What’s the Price Telling Me?

Keystone Principle #9 – Prices are Determined by the Market Forces of Supply and Demand and are Constantly Changing

Voluntary National Content Standards: #7#8, #9

Connection:

Students at all levels tend to confuse price (the exchange value of a good or service) with the cost (what we give up when we choose).  And while the two can be related, they are not the same.

Price is a mechanism for sending information to producers as well as consumers. And while stable prices are desirable and can tell us many things, changing prices are just as valuable and send important messages, as well. Whether prices are stated in terms of money, or in terms of other goods and services, as when we barter, important messages are conveyed.

For the consumer, the messages in the price are important.  The price of an item we purchase allows us to make several comparisons in making our decision to buy.  For example, if a student wants to purchase a piece of clothing with a price of $75, students can convert that to “weeks of allowance” or “hours on the job.”  In that case, the price of an item allows us them think about the effort required to satisfy the want.

The price also allows us to compare the item to other things we want.  An example of this would be to take the same purchase but convert it to other items we want: a present for a parent, school supplies, music downloads, or trips to the movies, etc.  By using price in this way, students can prioritize their purchases – choosing to spend or not spend depending on other wants.

And when prices change, the changes allow for even more comparisons.  With a rising price, the question is: “Do I still want to purchase the item if it means working longer or giving up other things to get it?”  With a falling price, the question is: “Should I save more or can I consume more?”

For producers, the messages in prices are equally important.  And again, it doesn’t matter whether we are talking about stable prices or changing prices. In both cases, there is a lot of information being transmitted to the producer, and a lot of choices that may be made as a result.

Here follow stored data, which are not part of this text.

(* Let $(v,b)$ satisfy (C2), with associated pair $(\lambda,\varepsilon)$. Let $\mu=v/2$ if $\varepsilon\equiv v/2\pmod 2$ and $\mu=v/2+1$ otherwise. Then every TS$(v;b)$ $(V,\mathcal F)$ satisfies $$\sum_{\{x,y\}\in\binom V2}\lambda_{x,y}^2\ \ge\ \binom v2\lambda^2+2\varepsilon\lambda+\mu,$$ and equality holds for any TS$(v;b)$ in which all $\lambda_{x,y}\in\{\lambda-1,\lambda,\lambda+1\}$ and whose defect graph is isomorphic to $H^0_{v,\varepsilon}$ (when $\varepsilon\equiv v/2\pmod2$) or to one of $H^1_{v,\varepsilon},H^2_{v,\varepsilon},H^3_{v,\varepsilon},H^4_{v,\varepsilon}$ (when $\varepsilon\not\equiv v/2\pmod 2$).
   Context: A triple system TS$(v;b)$ is a pair $(V,\mathcal F)$ where $V$ is a set of $v\ge 3$ points and $\mathcal F$ is a multiset of $b$ 3-subsets of $V$ (blocks); repeated blocks allowed. $\lambda_{x,y}$ is the number of blocks (with multiplicity) containing $\{x,y\}$. The associated pair $(\lambda,\varepsilon)$ of $(v,b)$: integers with $3b=\lambda\binom v2+\varepsilon$, $-v/2<\varepsilon<v/2$. (C2): $v$ even and $\lambda v(v-1)/6-v/6<b<\lambda v(v-1)/6+v/6$ for an odd integer $\lambda$ (this is the $\lambda$ of the associated pair). Defect graph: if all $\lambda_{x,y}\in\{\lambda-1,\lambda,\lambda+1\}$, the defect graph is the graph on $V$ with edges $\{x,y\}$ with $\lambda_{x,y}=\lambda+1$ (labelled $+1$) and with $\lambda_{x,y}=\lambda-1$ (labelled $-1$); isomorphisms preserve labels. $H^0_{v,\varepsilon}$: perfect matching of $V$ with $(v+2\varepsilon)/4$ edges $+1$ and $(v-2\varepsilon)/4$ edges $-1$. For $1\le i\le 4$, $H^i_{v,\varepsilon}$ is the vertex-disjoint union of a star $K_{1,3}$ and a matching covering the remaining $v-4$ vertices, where: $H^1$: star with two $+1$ and one $-1$ edge, matching with $(v-6+2\varepsilon)/4$ edges $+1$ and $(v-2-2\varepsilon)/4$ edges $-1$; $H^2$: star with one $+1$ and two $-1$ edges, matching with $(v-2+2\varepsilon)/4$ edges $+1$ and $(v-6-2\varepsilon)/4$ edges $-1$; $H^3$: star with three $+1$ edges, matching with $(v-10+2\varepsilon)/4$ edges $+1$ and $(v+2-2\varepsilon)/4$ edges $-1$; $H^4$: star with three $-1$ edges, matching with $(v+2+2\varepsilon)/4$ edges $+1$ and $(v-10-2\varepsilon)/4$ edges $-1$. *)

From mathcomp Require Import all_boot all_order all_algebra.
Set Implicit Arguments. Unset Strict Implicit. Unset Printing Implicit Defensive.
Import Order.TTheory GRing.Theory Num.Theory.
Local Open Scope ring_scope.

Section TS.
Variable V : finType.

(* A triple system TS(v;b): point set V (a finite type) with v = #|V| >= 3,
   and a multiset F (a sequence, repetitions allowed) of b = size F blocks,
   each a 3-subset of V. *)
Definition is_TS (v b : nat) (F : seq {set V}) : Prop :=
  [/\ #|V| = v, (3 <= v)%N, size F = b & all (fun B : {set V} => #|B| == 3%N) F].

Definition pairs : {set {set V}} := [set e : {set V} | #|e| == 2%N].

Definition lamp (F : seq {set V}) (e : {set V}) : nat :=
  count (fun B : {set V} => e \subset B) F.

(* label of a pair in the defect graph w.r.t. lambda *)
Definition dlab (F : seq {set V}) (lam : int) (e : {set V}) : int :=
  (lamp F e)%:Z - lam.

Definition near_balanced (F : seq {set V}) (lam : int) : Prop :=
  forall e, e \in pairs -> dlab F lam e \in [:: -1; 0; 1].

Definition dedges (F : seq {set V}) (lam s : int) : {set {set V}} :=
  [set e in pairs | dlab F lam e == s].

Definition dedges_all (F : seq {set V}) (lam : int) : {set {set V}} :=
  [set e in pairs | dlab F lam e != 0].

Definition ddeg (F : seq {set V}) (lam : int) (x : V) : nat :=
  #|[set e in dedges_all F lam | x \in e]|.

(* defect graph is isomorphic to H^0_{v,eps}: a perfect matching of V with
   (v+2eps)/4 edges labelled +1 and (v-2eps)/4 edges labelled -1 *)
Definition defect_is_H0 (F : seq {set V}) (lam : int) (v : nat) (eps : int)
  : Prop :=
  [/\ forall x, ddeg F lam x = 1%N,
      4 * (#|dedges F lam 1|)%:Z = v%:Z + 2 * eps
    & 4 * (#|dedges F lam (-1)|)%:Z = v%:Z - 2 * eps].

(* defect graph is the vertex-disjoint union of a star K_{1,3} (center c)
   with sp edges labelled +1 and sm edges labelled -1, and a matching covering
   the remaining v-4 vertices with np edges +1 and nm edges -1, where
   4*np = cp and 4*nm = cm. *)
Definition defect_is_star_matching (F : seq {set V}) (lam : int)
  (sp sm : nat) (cp cm : int) : Prop :=
  exists c : V,
  [/\ ddeg F lam c = 3%N,
      forall x, x != c -> ddeg F lam x = 1%N,
      (#|[set e in dedges F lam 1 | c \in e]| = sp /\
       #|[set e in dedges F lam (-1) | c \in e]| = sm),
      4 * (#|[set e in dedges F lam 1 | c \notin e]|)%:Z = cp
    & 4 * (#|[set e in dedges F lam (-1) | c \notin e]|)%:Z = cm].

Definition defect_is_H1 F lam (v : nat) (eps : int) :=
  defect_is_star_matching F lam 2 1 (v%:Z - 6 + 2 * eps) (v%:Z - 2 - 2 * eps).
Definition defect_is_H2 F lam (v : nat) (eps : int) :=
  defect_is_star_matching F lam 1 2 (v%:Z - 2 + 2 * eps) (v%:Z - 6 - 2 * eps).
Definition defect_is_H3 F lam (v : nat) (eps : int) :=
  defect_is_star_matching F lam 3 0 (v%:Z - 10 + 2 * eps) (v%:Z + 2 - 2 * eps).
Definition defect_is_H4 F lam (v : nat) (eps : int) :=
  defect_is_star_matching F lam 0 3 (v%:Z + 2 + 2 * eps) (v%:Z - 10 - 2 * eps).
Definition input_formulas (w : seq Sigma) := [seq Var (sym_code (inp a)) | a <- w].
Definition input_conf (w : seq Sigma) : tm_config Q Gam := (q0, [::], map inp w).

Definition tm_grammar := Grammar [seq (a, Var (sym_code (inp a))) | a <- enum Sigma]
                                 (goal_formula final_rule step_rules (state_code q0)).

Lemma assigns_tm_grammar w As : assigns tm_grammar w As -> As = input_formulas w.
Proof.
elim: w As => [|a w IH] [|A As] //= [] // [size_As] /andP [/mapP [a' _ [<- ->]] HAs].
by rewrite (IH As).
Qed.

Lemma assigns_input_formulas w : assigns tm_grammar w (input_formulas w).
Proof.
split; first by rewrite size_map.
by elim: w => //= a w ->; rewrite andbT; apply: map_f; rewrite mem_enum.
Qed.

Lemma var_word_input w : var_word (input_formulas w) = map sym_code (map inp w).
Proof. by elim: w => //= a w IH; rewrite -IH. Qed.

Lemma interp_goal_accepts w :
  interp rs (target tm_grammar) (var_word (input_formulas w)) -> accepts (input_conf w).
Proof.
have U_ok r : r \in tm_rules -> interp rs (rule_axiom r) [::].
  by move=> r_tm; apply: interp_rule_axiom (wf_tm_rules r_tm) (map_f _ r_tm).
move=> /(interp_goal_formula U_ok (state_code_neq_empty q0)).
by rewrite var_word_input; apply: (rewrites_accepts (c := input_conf w)).
Qed.

Lemma all_letters_input w : all is_letter (input_formulas w).
Proof. by elim: w. Qed.

Lemma t_rec_F_accepts w : t_rec_F tm_grammar w -> accepts (input_conf w).
Proof.
case=> As [Pi [/assigns_tm_grammar -> [leaves_Pi /Fder_sound HPi]]].
apply/interp_goal_accepts/HPi; rewrite -leaves_Pi.
apply: (@fterm_interp_leaves _ (FB Pi)).
by rewrite -[fterm_leaves _]/(fmeta_leaves Pi) leaves_Pi all_letters_input.
Qed.

Lemma t_rec_M_accepts w : t_rec_M tm_grammar w -> accepts (input_conf w).
Proof.
case=> As [[z Pi] [/assigns_tm_grammar -> [/andP [/= /eqP -> empty_Pi]]]].
move=> [leaves_Pi /Mder_sound HPi]; apply/interp_goal_accepts/HPi; rewrite -leaves_Pi.
apply: (@sterm_interp_leaves _ (SB mset0 Pi)); first by rewrite /= eqxx.
by rewrite -[sterm_leaves _]/(smeta_leaves (mset0, Pi)) leaves_Pi all_letters_input.
Qed.

Lemma input_fterms w : map FF (input_formulas w) = fvars (map sym_code (map inp w)).
Proof. by elim: w => //= a w ->. Qed.

Lemma accepts_Fder w : w <> [::] -> accepts (input_conf w) ->
  Fder (map FF (input_formulas w)) (target tm_grammar).
Proof.
move=> w_ne [n [l [t Hn]]].
pose D L R := Fder (fbangs tm_rules ++ fvars L ++ fslot :: fvars R) accept.
have D_step r P S : r \in tm_rules -> keeps_slot r ->
    D (P ++ rhs_pre r) (rhs_post r ++ S) -> D (P ++ lhs_pre r) (lhs_post r ++ S).
  move=> r_tm r_slot; rewrite /D /fvars !map_cat -!catA => H.
  apply: (Fder_rewrite_step r_tm (wf_rule_rhs (wf_tm_rules r_tm))).
  by rewrite /rhs_fterms r_slot -!catA.
have D_final : D [:: 0] [:: state_code qacc; 1].
  have := Fder_rewrite_step (D1 := [::]) (D2 := [::]) (mem_head final_rule step_rules) isT.
  by rewrite /rhs_fterms /=; apply; apply: Fder_accept.
have := D_tm_run D_step D_final Hn; rewrite /D /= => H.
apply: Fder_goal; first by case: w {Hn H} w_ne.
by rewrite input_fterms; move: H; rewrite /fvars map_cat.
Qed.

Lemma input_sterms w : map SF (input_formulas w) = mvars (map sym_code (map inp w)).
Proof. by elim: w => //= a w ->. Qed.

One other aspect needs to be emphasized with students at this level.  Government efforts to influence, regulate or otherwise control prices, while often instituted with the best of intentions, usually result in other problems. There are several reasons for this.  First of all, because a national economy is so large and so complex, it is virtually impossible for any single agency to have sufficient and timely information to set prices that reflect the current preferences and resource situations of all consumers and producers.  This leads to the second problem.  By mismatching resources and/or misreading preferences, any program which is aimed at impacting the price of a good or service will, of necessity, have other impacts on other products as producers and consumers adjust their behaviors to allow for changed costs. These secondary and even tertiary effects will impact the availability of the markets for other goods and services.

Objectives

I. Understanding

  1. Students will explain how prices provide signals to producers and consumers to make choices.
  2. Students will use concepts of supply and demand to explain how artificial prices affect decisions made by producers and consumers.
  3. Students will explain how artificial prices (non-market) can provide lead to actions that affect other products and services.

II. Skills

Students will be able to:

  • Describe price ceilings and their impact on consumers.
  • Describe price ceilings and their impact on producers.
  • Describe price floors and their impact on consumers.
  • Describe price floors and their impact on producers.
  • Describe how tariffs and other barriers affect prices.

Activities

I. Concept Vocabulary

  • Competition Attempts by two or more individuals or organizations to acquire the same goods, services, or productive and financial resources. Consumers compete with other consumers for goods and services. Producers compete with other producers for sales to consumers.
  • Complement Goods and/or services that are typically used together, such as hamburger and hamburger buns, or tennis rackets and tennis lessons.
  • Demand The quantity of a good or service that buyers are willing and able to buy at all possible prices during a period of time.
  • Demand Curve – A graph showing the quantity of demand for a good or service at different prices.
  • Equilibrium Price The price at which the quantity demanded by buyers equals the quantity supplied by sellers; also called the market-clearing price.
  • Markets Places, institutions or technological arrangements where or by means of which goods or services are exchanged. Also, the set of all sale and purchase transactions that affect the price of some good or service.
  • Price The amount of money that people pay when they buy a good or service; the amount they receive when they sell a good or service.
  • Price Ceiling – A legally established maximum price that may be charged for a good or service.
  • Price FloorA legally established minimum price that may be charged for a good or service.
  • Shortage – Insufficient supply to meet current demand at a given price.
  • Substitute Goods or services that may be used in place of another good or service; examples include tap water for bottled water (or vice versa) and movies for concerts (or vice versa).
  • SupplyThe amount of a good or service that producers are willing and able to offer for sale at each possible price during a given period of time.
  • Supply Curve – A graph showing the quantity of supply for a good or service at various prices.
  • Surplus – Excess supply over demand at a given price.
  • Tariff – A tax on an imported good or service

II. Journals

Initial Prompt (to be done during the introduction of this monthly theme/principle):

  • Describe a time when you have been in competition for something, either against someone else, or your own prior performance at a task.  Do you believe that the competition helped or hindered you in achieving your goal?

General assignment:

Choose one or two of the quotations below and write a journal entry of at least half a page.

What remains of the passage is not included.